EEMI is designed to help cities prioritize the economic mobility of families while communities rebuild after the devastating, inequitable economic impacts of the COVID-19 pandemic. Many health and economic indicators point to the pandemic’s disproportionate impact on people of color, worsening longstanding systemic racial inequities.

Through EEMI, the City has assembled a team of eight local leaders of color who are doing community outreach to promote access to economic opportunities, including workforce training, small business development, and financial coaching. These Economic Mobility Ambassadors are receiving stipends for their work

GUARANTEED INCOME PROGRAM PARTNERSHIP

The City of Sacramento has made a $750,000 contribution to the Guaranteed Income Program offered by United Way California Capital Region.

This contribution will fund a second phase of the program, through which 80 households will receive $500 of income monthly for one year. Payments will begin in July 2023.

CITYSTART

The City of Sacramento has been awarded a $75,000 grant to participate in the CityStart initiative with Cities for Financial Empowerment Fund (CFE Fund) to focus on addressing wealth equity.

This grant will provide the City of Sacramento planning dollars and technical assistance to identify resident financial empowerment strategies, with a focus on the Black community. The City will engage the community in a series of careholder conversations to identify local financial empowerment challenges and opportunities.

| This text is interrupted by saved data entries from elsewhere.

(* Let $T$ be a non-meagre subset with the Baire property of a metric space $X$, and let $G$ be a normed group, Baire in its norm topology, acting separately continuously and transitively on $X$ with the Nikodym property. Then for every convergent sequence $x_n\to x_0$ in $X$ there exist $\tau\in G$ and an integer $N$ such that $\tau x_0\in T$ and \[\{\tau(x_n):n>N\}\subseteq T.\]
   Context: A normed group is a group with a group-norm $\|\cdot\|$ (subadditive, $\|t\|>0$ for $t\ne e_G$, $\|e_G\|=0$, $\|t^{-1}\|=\|t\|$); its norm topology is that of $d_R(s,t)=\|st^{-1}\|$. A separately continuous action $\varphi:G\times X\to X$ ($\varphi(e_G,x)=x$, $\varphi(gh,x)=\varphi(g,\varphi(h,x))$, write $gx=g(x)=\varphi(g,x)$) has $x\mapsto g(x)$ continuous for each $g$ and $g\mapsto g(x)$ continuous for each $x$; transitive means for all $x,y$ some $g$ has $g(x)=y$. Nikodym property: for every non-empty open neighbourhood $U$ of $e_G$ and every $x$, $Ux=\{u(x):u\in U\}$ contains a non-meagre set with the Baire property. *)

From HB Require Import structures.
From mathcomp Require Import all_boot all_order all_algebra.
From mathcomp Require Import all_classical all_reals all_analysis.
Set Implicit Arguments. Unset Strict Implicit. Unset Printing Implicit Defensive.
Import Order.TTheory GRing.Theory Num.Theory.
Local Open Scope classical_set_scope.
Local Open Scope ring_scope.

(** Topological notions relative to an explicit family [op] of open sets.
    Used with [op := open] for a topological space, and with the norm
    topology (below) for a normed group. *)
Section OpenFamily.
Variables (T : Type) (op : set T -> Prop).

Definition interior_op (A : set T) : set T :=
  [set x | exists U, [/\ op U, U `<=` A & U x]].
Definition closure_op (A : set T) : set T := ~` interior_op (~` A).
Definition nowhere_dense_op (A : set T) : Prop :=
  interior_op (closure_op A) = set0.
Definition meagre_op (A : set T) : Prop :=
  exists F : nat -> set T,
    (forall n, nowhere_dense_op (F n)) /\ A `<=` \bigcup_n F n.
Definition baire_property_op (A : set T) : Prop :=
  exists U, op U /\ meagre_op ((A `\` U) `|` (U `\` A)).
Definition dense_op (D : set T) : Prop :=
  forall U, op U -> U !=set0 -> (U `&` D) !=set0.
Definition baire_space_op : Prop :=
  forall F : nat -> set T, (forall n, op (F n) /\ dense_op (F n)) ->
    dense_op (\bigcap_n F n).
End OpenFamily.

Record normedGroup (R : realType) := NormedGroup {
  ng_carrier :> Type;
  ng_mul : ng_carrier -> ng_carrier -> ng_carrier;
  ng_inv : ng_carrier -> ng_carrier;
  ng_one : ng_carrier;
  ng_norm : ng_carrier -> R;
  ng_mulA : forall a b c, ng_mul a (ng_mul b c) = ng_mul (ng_mul a b) c;
  ng_mul1g : forall a, ng_mul ng_one a = a;
  ng_mulg1 : forall a, ng_mul a ng_one = a;
  ng_mulVg : forall a, ng_mul (ng_inv a) a = ng_one;
  ng_mulgV : forall a, ng_mul a (ng_inv a) = ng_one;
  ng_norm_subadd : forall s t, ng_norm (ng_mul s t) <= ng_norm s + ng_norm t;
  ng_norm_gt0 : forall t, t <> ng_one -> 0 < ng_norm t;
  ng_norm1 : ng_norm ng_one = 0;
  ng_normV : forall t, ng_norm (ng_inv t) = ng_norm t
}.

Section NormTopology.
Variables (R : realType) (G : normedGroup R).
Definition dR (s t : G) : R := ng_norm (ng_mul s (ng_inv t)).
Definition norm_open (U : set G) : Prop :=
  forall s, U s -> exists2 r : R, 0 < r & forall t, dR t s < r -> U t.
End NormTopology.

Section Action.
Variables (R : realType) (G : normedGroup R) (X : topologicalType)
  (phi : G -> X -> X).
Definition is_action : Prop :=
  (forall x, phi (ng_one G) x = x) /\
  (forall g h x, phi (ng_mul g h) x = phi g (phi h x)).
Definition separately_continuous : Prop :=
  (forall g, continuous (phi g)) /\
  (forall x (V : set X), open V -> norm_open (fun g => V (phi g x))).
Definition transitive_action : Prop :=
  forall x y, exists g, phi g x = y.
Definition nikodym_property : Prop :=
  forall (U : set G), norm_open U -> U (ng_one G) ->
  forall x, exists B : set X,
    B `<=` [set phi u x | u in U] /\
    ~ meagre_op open B /\ baire_property_op open B.
End Action.

From HB Require Import structures.
From mathcomp Require Import all_boot all_order all_algebra.
From mathcomp Require Import all_classical all_reals all_analysis.
Set Implicit Arguments. Unset Strict Implicit. Unset Printing Implicit Defensive.

Local Open Scope classical_set_scope.
Local Open Scope ring_scope.

(* Write T = U up to the meagre set covered by nowhere dense F_k, and let
   C_k be the (open, dense) interior of the complement of F_k.  For every
   point y of the sequence x_n together with x0, the set of g with g y in C_k
   is open by separate continuity and dense by the Nikodym property: were an
   open set O around h disjoint from it, the non-meagre subset of (O h^-1) h y
   given by that property would lie in the nowhere dense closure of F_k.  The set of g with g x0 in U is open and, by transitivity, nonempty.
   Baire category yields tau in all these sets; then tau x_n -> tau x0 in U,
   so eventually tau x_n lies in U and in no F_k, hence in T. *)

Section OpenFamilyBaire.
Variables (T : Type) (op : set T -> Prop).
Hypothesis op_setT : op setT.

Lemma baire_dense_bigcap (I : countType) (F : I -> set T) :
  baire_space_op op -> (forall i, op (F i) /\ dense_op op (F i)) ->
  dense_op op (\bigcap_i F i).
Proof.
move=> baireT odF.
pose Fn (m : nat) := if unpickle m is Some i then F i else setT.
have odFn m : op (Fn m) /\ dense_op op (Fn m).
  rewrite /Fn; case: (unpickle m) => [i|]; first exact: odF.
  by split => // O _ [s Os]; exists s.
move=> O oO O0; have [s [Os Fs]] := baireT Fn odFn O oO O0.
exists s; split => // i _; have := Fs (pickle i) Logic.I.
by rewrite /Fn pickleK.
Qed.

End OpenFamilyBaire.

Section InteriorClosure.
Variable X : topologicalType.
Implicit Types A B : set X.

Lemma open_interior_op A : open (interior_op open A).
Proof.
have -> : interior_op open A = \bigcup_(U in [set U | open U /\ U `<=` A]) U.
  apply/seteqP; split => x; first by case=> U [oU UA Ux]; exists U.
  by case=> U [oU UA] Ux; exists U.
by apply: bigcup_open => U [].
Qed.

Lemma interior_op_sub A : interior_op open A `<=` A.
Proof. by move=> x [U [_ UA Ux]]; apply: UA. Qed.

Lemma subset_interior_op A B : A `<=` B -> interior_op open A `<=` interior_op open B.
Proof. by move=> AB x [U [oU UA Ux]]; exists U; split => //; apply: subset_trans AB. Qed.

Lemma nowhere_dense_closure_op A :
  nowhere_dense_op open A -> nowhere_dense_op open (closure_op open A).
Proof.
rewrite /nowhere_dense_op => ndA; apply/seteqP; split => // x.
rewrite -ndA; apply: subset_interior_op => y ncly Ay; apply: ncly.
exists (interior_op open (~` A)); split => //; first exact: open_interior_op.
by move=> z Iz; apply.
Qed.

Lemma nowhere_dense_meagre_op A : nowhere_dense_op open A -> meagre_op open A.
Proof. by move=> ndA; exists (fun=> A); split => // x Ax; exists 0%N. Qed.

Lemma meagre_op_sub A B : A `<=` B -> meagre_op open B -> meagre_op open A.
Proof. by move=> AB [F [ndF BF]]; exists F; split => //; apply: subset_trans BF. Qed.

End InteriorClosure.

Section NormedGroupTranslation.
Variables (R : realType) (G : normedGroup R).

Lemma dR_mulr (s t h : G) : dR (ng_mul s h) (ng_mul t h) = dR s t.
Proof.
rewrite /dR -[in LHS](ng_mulg1 s) -(ng_mulVg t) !ng_mulA -!ng_mulA.
by rewrite [ng_mul t (ng_mul h _)]ng_mulA ng_mulgV ng_mulg1.
Qed.

Lemma norm_open_setT : norm_open (@setT G).
Proof. by move=> s _; exists 1. Qed.

Lemma norm_open_mulr (O : set G) (h : G) :
  norm_open O -> norm_open [set g | O (ng_mul g h)].
Proof.
move=> oO g /oO [r r0 Or]; exists r => // t dtg.
by apply: Or; rewrite dR_mulr.
Qed.

End NormedGroupTranslation.

Section NikodymAction.
Variables (R : realType) (G : normedGroup R) (X : topologicalType)
  (phi : G -> X -> X).
Hypotheses (phi_action : is_action phi) (phi_nikodym : nikodym_property phi).

Lemma nikodym_preimage_dense (V : set X) (x : X) :
  meagre_op open (~` V) -> dense_op (@norm_open R G) [set g | V (phi g x)].
Proof.
move=> mV O oO [h Oh]; apply/not_existsP => OVx.
have O'1 : [set g | O (ng_mul g h)] (ng_one G) by rewrite /= ng_mul1g.
have [B [BO' [nmB _]]] := phi_nikodym (norm_open_mulr (h := h) oO) O'1 (phi h x).
apply/nmB/(meagre_op_sub _ mV) => _ /BO' [u Ouh <-] Vuhx.
by apply: (OVx (ng_mul u h)); split => //=; rewrite phi_action.2.
Qed.

End NikodymAction.

Theorem proposition3 (R : realType) (X : metricType R) (G : normedGroup R)
  (phi : G -> X -> X) (T : set X) :
  ~ meagre_op open T -> baire_property_op open T ->
  baire_space_op (@norm_open R G) ->
  is_action phi -> separately_continuous phi -> transitive_action phi ->
  nikodym_property phi ->
  forall (x : nat -> X) (x0 : X), x @ \oo --> x0 ->
  exists (tau : G) (N : nat),
    T (phi tau x0) /\ forall n, (N < n)%N -> T (phi tau (x n)).
Proof.
move=> nmT [U [oU [F [ndF TUF]]]] baireG act [contg contx] trans nik x x0 xx0.
pose y (i : option nat) := if i is Some n then x n else x0.
pose C k := interior_op open (~` F k).
have UT p : U p -> (forall k, C k p) -> T p.
  move=> Up Cp; apply: contrapT => nTp.
  have [k _ Fkp] := TUF p (or_intror (conj Up nTp)).
  exact: interior_op_sub (Cp k) Fkp.
have [u Uu] : U !=set0.
  apply/set0P/eqP => U0; apply: nmT; exists F; split => // t Tt.
  by apply: TUF; left; rewrite U0 setD0.
have [g0 g0x0] := trans x0 u.
have [tau [Utaux0 Ctau]] :
    ([set g | U (phi g x0)] `&`
     \bigcap_(ik : option nat * nat) [set g | C ik.2 (phi g (y ik.1))]) !=set0.
  apply: (baire_dense_bigcap (@norm_open_setT _ G) baireG).
  - move=> [i k]; split; first by apply: contx; apply: open_interior_op.
    apply: (nikodym_preimage_dense act nik); apply: nowhere_dense_meagre_op.
    exact: nowhere_dense_closure_op.
  - exact: contx.
  - by exists g0; rewrite /= g0x0.
have [N _ UtauxN] : \forall n \near \oo, U (phi tau (x n)).
  by apply: (cvg_comp _ _ xx0 (contg tau x0)); apply: open_nbhs_nbhs.
exists tau, N; split; first by apply: UT => // k; apply: (Ctau (None, k)).
move=> n Nn; apply: UT; first by apply: UtauxN; rewrite /= ltnW.
by move=> k; apply: (Ctau (Some n, k)).
Qed.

Sacramento was one of eight partners chosen through a competitive process to participate. The eight new local government partners join 32 localities to date that have already completed the CityStart financial empowerment public blueprint process.

The City will work with CFE Fund and Bloomberg Philanthropies’ Greenwood Initiative, whose mission is to accelerate the pace of Black wealth accumulation in the U.S., on the design of its financial empowerment blueprint identifying actionable implementation steps based on the financial needs of residents, especially Black residents.